• [EXERCISE BRIEF]
Taking the listing below, restate word for word each line from the line with "(i : 'I_N) : bool" to the line with "minimality of [u]", ends included, and stop there.

• [GIVEN RECORDS]
(* Let $P$ be an $\alpha$-proper distribution and $\theta^P$ as defined below. For any $y\in\mathcal{B}$, let $y^*$ be a minimizer of $\|\xi-y\|^2_{2,\theta^P}$ over $\xi\in\Xi$. Then $$\|Ay-Ay^*\|_2^2\ge\frac{2}{N\|\theta^P\|_{1,\infty}}\|y-y^*\|^2_{2,\theta^P}.$$
   Context: Let $N,R$ be positive integers; $F_r:2^{[N]}\to\mathbb{R}$ ($r\in[R]$) are submodular with $F_r(\emptyset)=0$, with base polytopes $\mathcal{B}_r=\{u\in\mathbb{R}^N:\sum_{i\in S}u_i\le F_r(S)\ \forall S,\ \sum_{i\in[N]}u_i=F_r([N])\}$ and Lovász extensions $f_r(x)=\max_{u\in\mathcal{B}_r}\langle u,x\rangle$; $\mathcal{B}=\mathcal{B}_1\times\cdots\times\mathcal{B}_R\subseteq(\mathbb{R}^N)^R$; $A:(\mathbb{R}^N)^R\to\mathbb{R}^N$, $Ay=\sum_ry_r$. Element $i$ is incident to $F_r$ if $F_r(S\cup\{i\})\ne F_r(S)$ for some $S\subseteq[N]\setminus\{i\}$; $S_r$ is the set of elements incident to $F_r$; assume every $i$ lies in some $S_r$. For $C\subseteq[R]$, $\mu^C_i=|\{r\in C:i\in S_r\}|$. A distribution $P$ on subsets $C\subseteq[R]$ is $\alpha$-proper ($\alpha\in(0,1)$) if $\mathbb{P}_{C\sim P}(r\in C)=\alpha$ for every $r\in[R]$; then $\theta^P=(\theta^P_1,\dots,\theta^P_R)$ with $\theta^P_r=\mathbb{E}_{C\sim P}[\mu^C\mid r\in C]\in\mathbb{R}^N$. For $\theta\in(\mathbb{R}^N_{\ge0})^R$, $\|y\|_{2,\theta}=\sqrt{\sum_r\sum_i\theta_{r,i}y_{r,i}^2}$ and $\|\theta\|_{1,\infty}=\sum_{i\in[N]}\max_{r:\,i\in S_r}\theta_{r,i}$. $x^*$ is the unique minimizer of $\sum_rf_r(x)+\frac12\|x\|_2^2$ and $\Xi=\{\xi\in\mathcal{B}:A\xi=-x^*\}$, the set of minimizers of $\|Ay\|_2^2$ over $\mathcal{B}$. *)

From HB Require Import structures.
From mathcomp Require Import all_boot all_order all_algebra.
Set Implicit Arguments. Unset Strict Implicit. Unset Printing Implicit Defensive.
Import Order.TTheory GRing.Theory Num.Theory.
Local Open Scope ring_scope.

(* vectors of R^N are functions 'I_N -> R; elements of (R^N)^R are
   functions 'I_Rn -> 'I_N -> R. *)

Definition submodular (R : realFieldType) (N : nat) (F : {set 'I_N} -> R) :=
  forall A B : {set 'I_N}, F (A :|: B) + F (A :&: B) <= F A + F B.

Definition in_base (R : realFieldType) (N : nat) (F : {set 'I_N} -> R)
    (u : 'I_N -> R) : Prop :=
  (forall S : {set 'I_N}, \sum_(i in S) u i <= F S) /\
  \sum_(i < N) u i = F setT.

Definition in_Bprod (R : realFieldType) (N Rn : nat)
    (F : 'I_Rn -> {set 'I_N} -> R) (y : 'I_Rn -> 'I_N -> R) : Prop :=
  forall r, in_base (F r) (y r).

Definition dotv (R : realFieldType) (N : nat) (u x : 'I_N -> R) : R :=
  \sum_(i < N) u i * x i.

Definition sqnorm (R : realFieldType) (N : nat) (x : 'I_N -> R) : R :=
  \sum_(i < N) x i ^+ 2.

Definition lovasz_val (R : realFieldType) (N : nat) (F : {set 'I_N} -> R)
    (x : 'I_N -> R) (v : R) : Prop :=
  (exists2 u, in_base F u & dotv u x = v) /\
  (forall u, in_base F u -> dotv u x <= v).

Definition Aop (R : realFieldType) (N Rn : nat) (y : 'I_Rn -> 'I_N -> R)
  : 'I_N -> R := fun i => \sum_(r < Rn) y r i.

Definition incident (R : realFieldType) (N : nat) (F : {set 'I_N} -> R)
    (i : 'I_N) : bool :=
  [exists S : {set 'I_N}, (i \notin S) && (F (i |: S) != F S)].

Definition mu (R : realFieldType) (N Rn : nat) (F : 'I_Rn -> {set 'I_N} -> R)
    (C : {set 'I_Rn}) (i : 'I_N) : R :=
  (#|[set r in C | incident (F r) i]|)%:R.

Definition distribution (R : realFieldType) (Rn : nat)
    (P : {set 'I_Rn} -> R) : Prop :=
  (forall C, 0 <= P C) /\ \sum_(C : {set 'I_Rn}) P C = 1.

Definition proper_dist (R : realFieldType) (Rn : nat) (alpha : R)
    (P : {set 'I_Rn} -> R) : Prop :=
  distribution P /\ 0 < alpha < 1 /\
  forall r : 'I_Rn, \sum_(C : {set 'I_Rn} | r \in C) P C = alpha.

(* theta^P_r = E_{C~P}[ mu^C | r in C ] = (sum_{C ∋ r} P C mu^C) / P(r in C) *)
Definition thetaP (R : realFieldType) (N Rn : nat)
    (F : 'I_Rn -> {set 'I_N} -> R) (P : {set 'I_Rn} -> R)
    (r : 'I_Rn) (i : 'I_N) : R :=
  (\sum_(C : {set 'I_Rn} | r \in C) P C * mu F C i)
  / (\sum_(C : {set 'I_Rn} | r \in C) P C).

Definition sqnorm_theta (R : realFieldType) (N Rn : nat)
    (theta y : 'I_Rn -> 'I_N -> R) : R :=
  \sum_(r < Rn) \sum_(i < N) theta r i * y r i ^+ 2.

(* ||theta||_{1,inf} = sum_i max_{r : i in S_r} theta_{r,i}  (theta >= 0,
   and the max ranges over a nonempty set, so 0 is a harmless neutral) *)
Definition norm1inf (R : realFieldType) (N Rn : nat)
    (F : 'I_Rn -> {set 'I_N} -> R) (theta : 'I_Rn -> 'I_N -> R) : R :=
  \sum_(i < N)
    \big[Num.max/0]_(r < Rn | incident (F r) i) theta r i.

(* Write [u] for [y*] and [g_r = theta_r (y_r - u_r)].  Call [(l, k)] exchangeable
   for block [r] when [u_r] may be raised at [l] and lowered at [k] inside [B_r].
   Along a closed walk of such exchanges [u] can be moved inside [Xi], so the
   minimality of [u] forces every closed walk to have nonpositive gain
   [sum (g_r l - g_r k)].  Longest walks then give a potential [q >= 0] making
   [g_r + q] monotone along exchangeable pairs; all its upper level sets are tight
   for [u_r], whence [<g_r + q, y_r - u_r> <= 0].  Summing over [r] gives
   [||y - u||^2_theta <= - <q, A y - A u>].  A longest walk may be taken simple,
   so [q] is bounded by the spreads of [g] at the nodes, and two applications of
   Cauchy-Schwarz give the claim. *)

From HB Require Import structures.
From mathcomp Require Import all_boot all_order all_algebra.
From mathcomp Require Import ring lra.
From Stdlib Require Import FunctionalExtensionality.
Import Order.TTheory GRing.Theory Num.Theory.
Local Open Scope ring_scope.
Set Implicit Arguments. Unset Strict Implicit. Unset Printing Implicit Defensive.

Lemma bigmax_id_or_attained (R : realDomainType) (I : finType) (P : pred I)
    (f : I -> R) x0 :
  \big[Num.max/x0]_(i | P i) f i = x0 \/
  exists2 i, P i & \big[Num.max/x0]_(i | P i) f i = f i.
Proof.
apply: (big_ind (fun z => z = x0 \/ exists2 i, P i & z = f i)) => //; first by left.
  by move=> a b ha hb; case: (leP a b) => _.
by move=> i hi; right; exists i.
Qed.

Lemma level_sum_le0 (R : realDomainType) (I : finType) (c w : I -> R) :
  \sum_i w i = 0 -> (forall t, \sum_(i | t <= c i) w i <= 0) ->
  \sum_i c i * w i <= 0.
Proof.
move=> w0; have [m hm] : {m | forall i, m <= c i}.
  by exists (\big[Num.min/0]_i c i) => i; exact: bigmin_le.
have: (#|[set i | (m < c i)%R]| <= #|I|)%N by exact: max_card.
move: #|I| => n; elim: n m c hm => [|n IH] m c hm hn hlev.
  suff ->: \sum_i c i * w i = m * \sum_i w i by rewrite w0 mulr0.
  rewrite mulr_sumr; apply: eq_bigr => i _; congr (_ * _); apply/eqP.
  rewrite eq_le hm andbT leNgt; apply/negP => hi.
  by move: hn; rewrite leqn0 cards_eq0 => /eqP/setP/(_ i); rewrite !inE hi.
case: (set_0Vmem [set i | m < c i]) => [U0|[j0 hj0]].
  by apply: (IH m) => //; rewrite U0 cards0.
move: hj0; rewrite inE => hj0.
case: (@arg_minP _ _ _ j0 [pred i | m < c i] c hj0) => j /= hmj hjmin.
pose c' i := Num.max (c i) (c j).
have cm i : c i < c j -> c i = m.
  move=> hij; apply/eqP; rewrite eq_le hm andbT leNgt; apply/negP => hi.
  by have := hjmin i hi; rewrite leNgt hij.
(* Lifting the minimal values [m] of [c] to the next value [c j] can only increase the sum. *)
have split : \sum_i c i * w i = \sum_i c' i * w i
    + (c j - m) * \sum_(i | c j <= c i) w i - (c j - m) * \sum_i w i.
  rewrite !mulr_sumr (big_mkcond (fun i => c j <= c i)) -big_split -sumrB /=.
  apply: eq_bigr => i _.
  by rewrite /c'; case: leP => h; [ring | rewrite cm //; ring].
have hc' : \sum_i c' i * w i <= 0.
  apply: (IH (c j)) => [i||t].
  - by rewrite le_max lexx orbT.
  - suff hsub: [set i | c j < c' i] \proper [set i | m < c i].
      by rewrite -ltnS (leq_trans (proper_card hsub)).
    apply/properP; split; last by exists j; rewrite !inE /c' // maxxx ltxx.
    by apply/subsetP => i; rewrite !inE /c' lt_max ltxx orbF; apply: lt_trans.
  - case: (leP t (c j)) => htj.
      by rewrite (eq_bigl xpredT) ?w0 // => i; rewrite le_max htj orbT.
    rewrite (eq_bigl (fun i => t <= c i)) ?hlev // => i.
    by rewrite le_max [t <= c j]leNgt htj orbF.
rewrite split w0 mulr0 subr0; have := hlev (c j); nra.
Qed.

Lemma sum_mul_delta (R : pzRingType) (I : finType) (P : pred I) (f : I -> R) l :
  \sum_(i | P i) f i * (i == l)%:R = if P l then f l else 0.
Proof.
rewrite big_mkcond (bigD1 l) //= eqxx mulr1 big1 ?addr0 // => i /negPf ->.
by case: (P i); rewrite ?mulr0.
Qed.

Lemma sum_delta (R : pzRingType) (I : finType) (P : pred I) l :
  \sum_(i | P i) ((i == l)%:R : R) = (P l)%:R.
Proof.
by rewrite -(eq_bigr _ (fun i _ => mul1r ((i == l)%:R))) sum_mul_delta; case: (P l).
Qed.

Lemma slope_le0_of_local_min (R : realFieldType) (G K eps : R) :
  0 < eps -> 0 <= K -> (forall e, 0 < e <= eps -> 2 * G <= e * K) -> G <= 0.
Proof.
move=> heps hK hmin; rewrite leNgt; apply/negP => hG.
pose e := Num.min eps (G / (K + 1)).
have he : 0 < e by rewrite lt_min heps divr_gt0 //; lra.
have heG : e * (K + 1) <= G by rewrite -ler_pdivlMr ?ge_min ?lexx ?orbT //; lra.
have := hmin e; rewrite he ge_min lexx /= => /(_ isT); nra.
Qed.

• [PROBLEM SOLUTION]
    (i : 'I_N) : bool :=
  [exists S : {set 'I_N}, (i \notin S) && (F (i |: S) != F S)].

Definition mu (R : realFieldType) (N Rn : nat) (F : 'I_Rn -> {set 'I_N} -> R)
    (C : {set 'I_Rn}) (i : 'I_N) : R :=
  (#|[set r in C | incident (F r) i]|)%:R.

Definition distribution (R : realFieldType) (Rn : nat)
    (P : {set 'I_Rn} -> R) : Prop :=
  (forall C, 0 <= P C) /\ \sum_(C : {set 'I_Rn}) P C = 1.

Definition proper_dist (R : realFieldType) (Rn : nat) (alpha : R)
    (P : {set 'I_Rn} -> R) : Prop :=
  distribution P /\ 0 < alpha < 1 /\
  forall r : 'I_Rn, \sum_(C : {set 'I_Rn} | r \in C) P C = alpha.

(* theta^P_r = E_{C~P}[ mu^C | r in C ] = (sum_{C ∋ r} P C mu^C) / P(r in C) *)
Definition thetaP (R : realFieldType) (N Rn : nat)
    (F : 'I_Rn -> {set 'I_N} -> R) (P : {set 'I_Rn} -> R)
    (r : 'I_Rn) (i : 'I_N) : R :=
  (\sum_(C : {set 'I_Rn} | r \in C) P C * mu F C i)
  / (\sum_(C : {set 'I_Rn} | r \in C) P C).

Definition sqnorm_theta (R : realFieldType) (N Rn : nat)
    (theta y : 'I_Rn -> 'I_N -> R) : R :=
  \sum_(r < Rn) \sum_(i < N) theta r i * y r i ^+ 2.

(* ||theta||_{1,inf} = sum_i max_{r : i in S_r} theta_{r,i}  (theta >= 0,
   and the max ranges over a nonempty set, so 0 is a harmless neutral) *)
Definition norm1inf (R : realFieldType) (N Rn : nat)
    (F : 'I_Rn -> {set 'I_N} -> R) (theta : 'I_Rn -> 'I_N -> R) : R :=
  \sum_(i < N)
    \big[Num.max/0]_(r < Rn | incident (F r) i) theta r i.

(* Write [u] for [y*] and [g_r = theta_r (y_r - u_r)].  Call [(l, k)] exchangeable
   for block [r] when [u_r] may be raised at [l] and lowered at [k] inside [B_r].
   Along a closed walk of such exchanges [u] can be moved inside [Xi], so the
   minimality of [u] forces every closed walk to have nonpositive gain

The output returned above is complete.